If you are running an MSP and feeling the pressure, here is what the data tells you about where to focus.

**Stop competing on the brochure.** If your service list looks identical to every other MSP in your market, you are competing on price. And price is a race to the bottom. You need a point of view. What do you believe about how IT services should be delivered? Who do you serve best? What do you do differently? The MSPs who can answer those questions clearly are the ones who win clients without discounting.

**Show evidence, not promises.** Kaseya’s research found that winning new business is now less about the volume of outreach and more about the quality of evidence. Case studies. Client testimonials. Data that shows what you have done for other clients. Prospects want proof, not pitch decks. If you cannot show a prospect what you have done for someone like them, they will find someone who can.

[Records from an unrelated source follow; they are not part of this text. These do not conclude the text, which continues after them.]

(* Let $S$ be a linear subspace of $\mathbb{F}_2^n$ with basis $\xi^1,\dots,\xi^d$, and suppose that for every nonzero $m\in\mathbb{F}_2^d$ there is a position $j\in\{1,\dots,n\}$ with $(\xi^1_j,\dots,\xi^d_j)=m$. Let $Q:\mathbb{F}_2^n\to\mathbb{F}_2$ be a quadratic function. If there exist complex phases $c_1,\dots,c_n$ such that $(-1)^{Q(x)}=\prod_{j=1}^n c_j^{x_j}$ for every $x\in S$, then there exist $c'_1,\dots,c'_n\in\{\pm1,\pm i\}$ such that $(-1)^{Q(x)}=\prod_{j=1}^n (c'_j)^{x_j}$ for every $x\in S$.
   Context: A quadratic function $Q:\mathbb{F}_2^n\to\mathbb{F}_2$ is a polynomial of degree at most $2$ in the coordinates with coefficients in $\mathbb{F}_2$. Complex phases are complex numbers of modulus $1$; coordinates $x_j\in\{0,1\}$ are used as integer exponents. *)

From HB Require Import structures.
From mathcomp Require Import all_boot all_order all_algebra all_field.
From mathcomp Require Import reals.
From mathcomp Require Import complex.
Set Implicit Arguments. Unset Strict Implicit. Unset Printing Implicit Defensive.
Import Order.TTheory GRing.Theory Num.Theory.
Local Open Scope ring_scope.

Definition f2nat (a : 'F_2) : nat := ((a != 0)%R : bool).

Definition quadratic (n : nat) (Q : 'rV['F_2]_n -> 'F_2) : Prop :=
  exists (c0 : 'F_2) (a : 'I_n -> 'F_2) (b : 'I_n -> 'I_n -> 'F_2),
    forall x : 'rV['F_2]_n,
      Q x = c0 + \sum_(i < n) a i * x 0 i
               + \sum_(i < n) \sum_(j < n) b i j * x 0 i * x 0 j.

Definition phase_repr (R : rcfType) (n : nat) (Q : 'rV['F_2]_n -> 'F_2)
    (c : 'I_n -> R[i]) (x : 'rV['F_2]_n) : Prop :=
  (-1) ^+ f2nat (Q x) = \prod_(j < n) (c j) ^+ f2nat (x 0 j).

From HB Require Import structures.
From mathcomp Require Import all_boot all_order all_algebra all_field.
From mathcomp Require Import reals.
From mathcomp Require Import complex.
Set Implicit Arguments. Unset Strict Implicit. Unset Printing Implicit Defensive.
Import Order.TTheory GRing.Theory Num.Theory.
Local Open Scope ring_scope.

(* Evaluating at x = 0 forces Q(0) = 0, so (-1)^Q is a product of factors
   (-1)^(a_i x_i) and (-1)^(b_ij x_i x_j).  The former are already of the
   required shape; for the latter, (-1)^(uv) = i^u i^v (-i)^(u xor v) for
   bits u, v, and on S the bit x_i + x_j is either identically 0 or equal to
   a single coordinate x_k, because the column of the basis matrix recording
   it is nonzero and hence occurs among the columns by hypothesis. *)

Lemma F2_cases (a : 'F_2) : a = 0 \/ a = 1.
Proof.
case: a => [[|[|k]] lt_a2]; [left | right | ]; try exact: val_inj.
by move: lt_a2; rewrite pdiv_id.
Qed.

Lemma F2_add11 : (1 + 1 : 'F_2) = 0.
Proof. by apply/eqP. Qed.

Section Signs.
Variable C : comNzRingType.

Definition sign (a : 'F_2) : C := (-1) ^+ f2nat a.

Lemma sign0 : sign 0 = 1.
Proof. by rewrite /sign expr0. Qed.

Lemma signD a b : sign (a + b) = sign a * sign b.
Proof.
rewrite /sign; case: (F2_cases a) => ->; case: (F2_cases b) => ->;
by rewrite ?addr0 ?add0r ?F2_add11 ?expr0 ?expr1 ?mul1r ?mulr1 ?mulN1r ?opprK.
Qed.

Lemma signM a y : sign (a * y) = sign a ^+ f2nat y.
Proof.
rewrite /sign; case: (F2_cases a) => ->; case: (F2_cases y) => ->;
by rewrite ?mul0r ?mulr0 ?mul1r ?mulr1 ?expr0 ?expr1 ?expr1n.
Qed.

Variable w : C.
Hypothesis sqr_w : w * w = -1.

Lemma sign_mul_bits (b u v : 'F_2) :
  let z := if b == 0 then 1 else w in
  let z' := if b == 0 then 1 else - w in
  sign (b * (u * v)) = z ^+ f2nat u * z ^+ f2nat v * z' ^+ f2nat (u + v).
Proof.
rewrite /sign; case: (F2_cases b) => ->; case: (F2_cases u) => ->;
case: (F2_cases v) => ->; rewrite /= ?mul0r ?mulr0 ?mul1r ?mulr1 ?addr0
  ?add0r ?F2_add11 ?expr0 ?expr1 ?expr1n ?mul1r ?mulr1 ?mulrN ?sqr_w ?opprK //.
Qed.

End Signs.

Section GaussianProductForm.
Variables (R : rcfType) (n d : nat) (xi : 'M['F_2]_(d, n)).

Lemma mulii : 'i * 'i = -1 :> R[i].
Proof. exact: sqr_i. Qed.

Definition gauss_units : seq R[i] := [:: 1; -1; 'i; - 'i].

Lemma gauss_unitsM z z' :
  z \in gauss_units -> z' \in gauss_units -> z * z' \in gauss_units.
Proof.
rewrite /gauss_units !inE => /or4P [] /eqP -> /or4P [] /eqP ->;
by rewrite ?mul1r ?mulr1 ?mulN1r ?mulrN1 ?mulrN ?mulNr ?opprK ?mulii ?opprK
  ?inE eqxx ?orbT.
Qed.

Lemma sign_gauss_unit a : sign R[i] a \in gauss_units.
Proof.
by case: (F2_cases a) => ->;
  rewrite ?sign0 /sign ?expr1 /gauss_units !inE eqxx ?orbT.
Qed.

Lemma gauss_unit_if (b : 'F_2) z : z \in gauss_units ->
  (if b == 0 then 1 else z) \in gauss_units.
Proof. by move=> z_unit; case: ifP => // _; apply: mem_head. Qed.

Definition gauss_prod_form (f : 'rV['F_2]_n -> R[i]) :=
  exists c : 'I_n -> R[i], (forall j, c j \in gauss_units) /\
    forall x, (x <= xi)%MS -> f x = \prod_(j < n) c j ^+ f2nat (x 0 j).

Lemma gauss_prod_form_ext f g : gauss_prod_form f ->
  (forall x, (x <= xi)%MS -> f x = g x) -> gauss_prod_form g.
Proof. by move=> [c [c_units fE]] fg; exists c; split=> // x Sx; rewrite -fg ?fE. Qed.

Lemma gauss_prod_form1 : gauss_prod_form (fun=> 1).
Proof.
exists (fun=> 1); split=> [j | x _]; first exact: mem_head.
by rewrite big1 // => j _; rewrite expr1n.
Qed.

Lemma gauss_prod_formM f g : gauss_prod_form f -> gauss_prod_form g ->
  gauss_prod_form (fun x => f x * g x).
Proof.
move=> [c [c_units fE]] [c' [c'_units gE]].
exists (fun j => c j * c' j); split=> [j | x Sx]; first exact: gauss_unitsM.
by rewrite fE // gE // -big_split; apply: eq_bigr => j _; rewrite exprMn.
Qed.

Lemma gauss_prod_form_prod (I : Type) (r : seq I) (F : I -> 'rV['F_2]_n -> R[i]) :
  (forall i, gauss_prod_form (F i)) ->
  gauss_prod_form (fun x => \prod_(i <- r) F i x).
Proof.
move=> FP; elim: r => [|a r IHr].
  by apply: gauss_prod_form_ext gauss_prod_form1 _ => x _; rewrite big_nil.
apply: gauss_prod_form_ext (gauss_prod_formM (FP a) IHr) _ => x _.
by rewrite big_cons.
Qed.

Lemma gauss_prod_form_coord z k : z \in gauss_units ->
  gauss_prod_form (fun x => z ^+ f2nat (x 0 k)).
Proof.
move=> z_unit; exists (fun j => if j == k then z else 1).
split=> [j | x _]; first by case: ifP => // _; apply: mem_head.
rewrite (bigD1 k) //= eqxx big1 ?mulr1 // => j /negbTE ->.
by rewrite expr1n.
Qed.

Hypothesis xi_columns : forall m : 'rV['F_2]_d, m != 0 ->
  exists j : 'I_n, forall k : 'I_d, xi k j = m 0 k.

Lemma gauss_prod_form_coordD z i j : z \in gauss_units ->
  gauss_prod_form (fun x => z ^+ f2nat (x 0 i + x 0 j)).
Proof.
move=> z_unit; pose v : 'rV['F_2]_d := \row_r (xi r i + xi r j).
have coordD (m : 'rV['F_2]_d) :
    (m *m xi) 0 i + (m *m xi) 0 j = \sum_r m 0 r * v 0 r.
  by rewrite !mxE -big_split; apply: eq_bigr => r _; rewrite mxE mulrDr.
have [v0 | /xi_columns [k vE]] := eqVneq v 0.
  apply: gauss_prod_form_ext gauss_prod_form1 _ => _ /submxP [m ->].
  by rewrite coordD v0 big1 ?expr0 // => r _; rewrite mxE mulr0.
apply: gauss_prod_form_ext (gauss_prod_form_coord k z_unit) _ => _ /submxP [m ->].
by rewrite coordD mxE; congr (_ ^+ f2nat _); apply: eq_bigr => r _; rewrite vE.
Qed.

Lemma quadratic_sign_prod_form (Q : 'rV['F_2]_n -> 'F_2) :
  quadratic Q -> Q 0 = 0 -> gauss_prod_form (fun x => sign R[i] (Q x)).
Proof.
move=> [c0 [a [b QE]]] Q0.
have c0E : c0 = 0.
  rewrite -Q0 QE !big1 ?addr0 // => i _; last by rewrite mxE mulr0.
  by rewrite big1 // => j _; rewrite !mxE !mulr0.
have signE x : sign R[i] (Q x) = \prod_(i < n) sign R[i] (a i * x 0 i)
    * \prod_(i < n) \prod_(j < n) sign R[i] (b i j * (x 0 i * x 0 j)).
  rewrite QE c0E add0r signD !(big_morph _ (@signD _) (sign0 _)).
  by congr (_ * _); apply: eq_bigr => i _;
    rewrite (big_morph _ (@signD _) (sign0 _)); apply: eq_bigr => j _;
    rewrite mulrA.
apply: gauss_prod_form_ext (gauss_prod_formM _ _) (fun x _ => esym (signE x)).
  apply: gauss_prod_form_prod => i.
  apply: gauss_prod_form_ext (gauss_prod_form_coord i (sign_gauss_unit (a i))) _.
  by move=> x _; rewrite signM.
apply: gauss_prod_form_prod => i; apply: gauss_prod_form_prod => j.
have unit_i : (if b i j == 0 then 1 else 'i) \in gauss_units.
  by apply: gauss_unit_if; rewrite !inE eqxx ?orbT.
have unit_mi : (if b i j == 0 then 1 else - 'i) \in gauss_units.
  by apply: gauss_unit_if; rewrite !inE eqxx ?orbT.
apply: gauss_prod_form_ext (gauss_prod_formM (gauss_prod_formM
    (gauss_prod_form_coord i unit_i) (gauss_prod_form_coord j unit_i))
    (gauss_prod_form_coordD i j unit_mi)) _.
by move=> x _; rewrite (sign_mul_bits mulii).
Qed.

End GaussianProductForm.

Lemma phase_repr0 (R : rcfType) n (Q : 'rV['F_2]_n -> 'F_2) (c : 'I_n -> R[i]) :
  phase_repr Q c 0 -> Q 0 = 0.
Proof.
rewrite /phase_repr big1 => [|j _]; last by rewrite mxE expr0.
case: (F2_cases (Q 0)) => // ->; rewrite expr1 => /eqP.
by rewrite -subr_eq0 -opprD oppr_eq0 (_ : 1 + 1 = 2%:R) // pnatr_eq0.
Qed.

Theorem mainTheorem4 (R : realType) (n d : nat) (xi : 'M['F_2]_(d, n))
    (Q : 'rV['F_2]_n -> 'F_2) :
  row_free xi ->
  (forall m : 'rV['F_2]_d, m != 0 -> exists j : 'I_n, forall k : 'I_d, xi k j = m 0 k) ->
  quadratic Q ->
  (exists c : 'I_n -> R[i],
      (forall j, `|c j| = 1) /\
      (forall x : 'rV['F_2]_n, (x <= xi)%MS -> phase_repr Q c x)) ->
  exists c' : 'I_n -> R[i],
      (forall j, c' j \in [:: 1; -1; 'i; - 'i]) /\
      (forall x : 'rV['F_2]_n, (x <= xi)%MS -> phase_repr Q c' x).
Proof.
move=> _ xi_columns Qquad [c [_ cQ]].
have Q0 : Q 0 = 0 by apply: phase_repr0 (cQ 0 (sub0mx _ _)).
have [c' [c'_units c'Q]] := quadratic_sign_prod_form R xi_columns Qquad Q0.
by exists c'; split=> // x Sx; rewrite /phase_repr -c'Q.
Qed.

**Close the AI gap.** Forty-eight percent of your clients think AI is their top need. Thirteen percent of MSPs are making real money from it. That is a massive opportunity for the MSPs who move first. You do not need to become an AI company. You need to understand what AI tools are relevant to your clients, how to evaluate them, and how to guide adoption responsibly. Start with the use cases that save your clients time and money. Build from there.

**Invest in the relationship, not just the ticket.** The ScalePad data shows that top performers prioritize being a strategic partner. That means QBRs that actually cover business strategy, not just ticket counts. It means technology roadmaps that align with where the client is going, not just what broke last quarter. It means having conversations that do not end with a sales pitch. The vCIO function, done right, is the single most effective tool for client retention. The MSPs who build that capability will keep clients longer and grow revenue without adding headcount.

**Protect your margins.** Margin compression is real. NetSuite, DeskDay, and Kaseya all flag it as a top concern. You cannot cut your way to profitability. You need to automate repetitive tasks, standardize your service delivery, and eliminate the waste that creeps into every growing operation. ConnectWise’s IT Nation Benchmark data shows average MSP gross margins at 52 percent in 2025, up from 48 percent in 2022, as providers shift toward higher-margin security and cloud management services. Follow that trend.

The MSPs Who Will Win

The market is not shrinking. It is maturing. The days of growth by default, where every MSP could win clients just by showing up, are over. What replaces it is something better: a market that rewards competence, consistency, and genuine client care.

The MSPs who will win in 2026 and beyond are the ones who stop acting like a commodity and start acting like a partner. The ones who prove their value instead of just claiming it. The ones who understand that trust is not built in the sales meeting. It is built in the follow-through, month after month, long after the contract is signed.

That is what this whole site is about. If you want to go deeper, check out the books. Rewired MSP covers the operational backbone. vCIO Rewired covers the advisory side. Near Miss is for the business owners trying to figure out if their IT provider is actually protecting them.

The market is shifting. The question is whether you are shifting with it.